Would you return the lines between the one holding "Definition lin_of (p" and the one holding "Lemma pinvmxM : pinvmx M *m M = 1%:M.", inclusive, and only those, exactly as they stand in the listing below?

= = = = =

Lemma mx_of_comb (s : seq 'rV[K]_n) (c : 'I_(size s) -> K) :
  \sum_(i < size s) c i *: s`_i = (\row_i c i) *m mx_of s.
Proof. by rewrite mulmx_sum_row; apply: eq_bigr => i _; rewrite row_mx_of mxE. Qed.

Lemma is_intKD (x y : K) : is_intK x -> is_intK y -> is_intK (x + y).
Proof. by move=> [a ->] [b ->]; exists (a + b); rewrite rmorphD. Qed.
Lemma is_intKM (x y : K) : is_intK x -> is_intK y -> is_intK (x * y).
Proof. by move=> [a ->] [b ->]; exists (a * b); rewrite rmorphM. Qed.

Lemma row_free_solve m (A : 'M[K]_(m, n)) (c : 'cV[K]_m) :
  row_free A -> exists phi : 'cV[K]_n, A *m phi = c.
Proof.
move=> frA; have trfull : row_full A^T by rewrite /row_full mxrank_tr.
exists (c^T *m pinvmx A^T)^T.
by rewrite -[A]trmxK -trmx_mul trmxK mulmxKpV ?trmxK // submx_full.
Qed.

End Pairing.

Section Height.
Variables (K : realFieldType) (n : nat) (Rs B : seq 'rV[K]_n).
Hypothesis hB : is_base Rs B.

Lemma height_exists : exists phi : 'cV[K]_n, forall i : 'I_(size B), pair B`_i phi = 1.
Proof.
case: hB => _ _ frB _ _; have [phi Mphi] := row_free_solve (const_mx 1) frB.
by exists phi => i; rewrite -mx_of_mul Mphi mxE.
Qed.

Variable rho : 'cV[K]_n.
Hypothesis rho1 : forall i : 'I_(size B), pair B`_i rho = 1.

Lemma height_expand (c : 'I_(size B) -> int) :
  pair (\sum_(i < size B) (c i)%:~R *: B`_i) rho = (\sum_i c i)%:~R.
Proof.
by rewrite pair_sum rmorph_sum; apply: eq_bigr => i _; rewrite pairZ rho1 mulr1.
Qed.

Lemma height_int : in_Xcheck Rs rho.
Proof.
case: hB => _ _ _ _ hc a /hc [c [-> _]].
by exists (\sum_i c i); rewrite height_expand.
Qed.

(* A sign-coherent integral combination of height 0 is trivial. *)
Lemma height_nonzero a : a \in Rs -> a != 0 -> pair a rho != 0.
Proof.
case: hB => _ _ _ _ hc /hc [c [ea hs]] a0; rewrite ea height_expand intr_eq0.
apply: contra a0 => /eqP s0; rewrite ea big1 // => i _.
suff -> : c i = 0 by rewrite scale0r.
case: hs => hs; first exact: (psumr_eq0P (fun j _ => hs j) s0).
apply/eqP; rewrite -oppr_eq0; apply/eqP.
apply: (psumr_eq0P (P := predT) (F := fun j => - c j)) => //.
  by move=> j _; rewrite oppr_ge0.
by rewrite sumrN s0 oppr0.
Qed.

Lemma height_fixed (S : 'M[K]_n) : [seq b *m S | b <- B] =i B -> fixed_dual S rho.
Proof.
case: hB => _ _ _ fuB _ hSB; apply: (row_full_inj fuB); apply/colP => i.
rewrite mulmxA mx_of_mul rho1.
have -> : (mx_of B *m S *m rho) i 0 = pair (B`_i *m S) rho.
  by rewrite -row_mx_of /pair -!row_mul [RHS]mxE.
have : B`_i *m S \in B by rewrite -hSB; apply: map_f; rewrite mem_nth.
by move=> /(nthP 0) [j jB <-]; exact: (rho1 (Ordinal jB)).
Qed.

End Height.

(* An inner product on V invariant under every involution of V permuting a
   spanning sequence Rs: the standard dot product averaged over the finite set
   of permutations p of Rs induced by a linear map (lin_of p). *)
Section InvariantForm.
Variables (K : realFieldType) (n : nat) (Rs : seq 'rV[K]_n).
Hypothesis hfull : row_full (mx_of Rs).
Local Notation m := (size Rs).
Local Notation M := (mx_of Rs).

(* The only candidate for a linear map inducing p, and the test that it does. *)
Definition lin_of (p : 'S_m) : 'M[K]_n := pinvmx M *m row_perm p M.
Definition linear_perm (p : 'S_m) : bool := M *m lin_of p == row_perm p M.

Definition dot (u w : 'rV[K]_n) : K := \sum_j u 0 j * w 0 j.
Definition invform (x y : 'rV[K]_n) : K :=
  \sum_(p | linear_perm p) dot (x *m lin_of p) (y *m lin_of p).

Lemma pinvmxM : pinvmx M *m M = 1%:M.
Proof. by rewrite -[pinvmx M]mul1mx mulmxKpV // submx_full. Qed.

Lemma invformC x y : invform x y = invform y x.
Proof. by apply: eq_bigr => p _; apply: eq_bigr => j _; rewrite mulrC. Qed.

= = = = =

# Task result:
Definition lin_of (p : 'S_m) : 'M[K]_n := pinvmx M *m row_perm p M.
Definition linear_perm (p : 'S_m) : bool := M *m lin_of p == row_perm p M.

Definition dot (u w : 'rV[K]_n) : K := \sum_j u 0 j * w 0 j.
Definition invform (x y : 'rV[K]_n) : K :=
  \sum_(p | linear_perm p) dot (x *m lin_of p) (y *m lin_of p).

Lemma pinvmxM : pinvmx M *m M = 1%:M.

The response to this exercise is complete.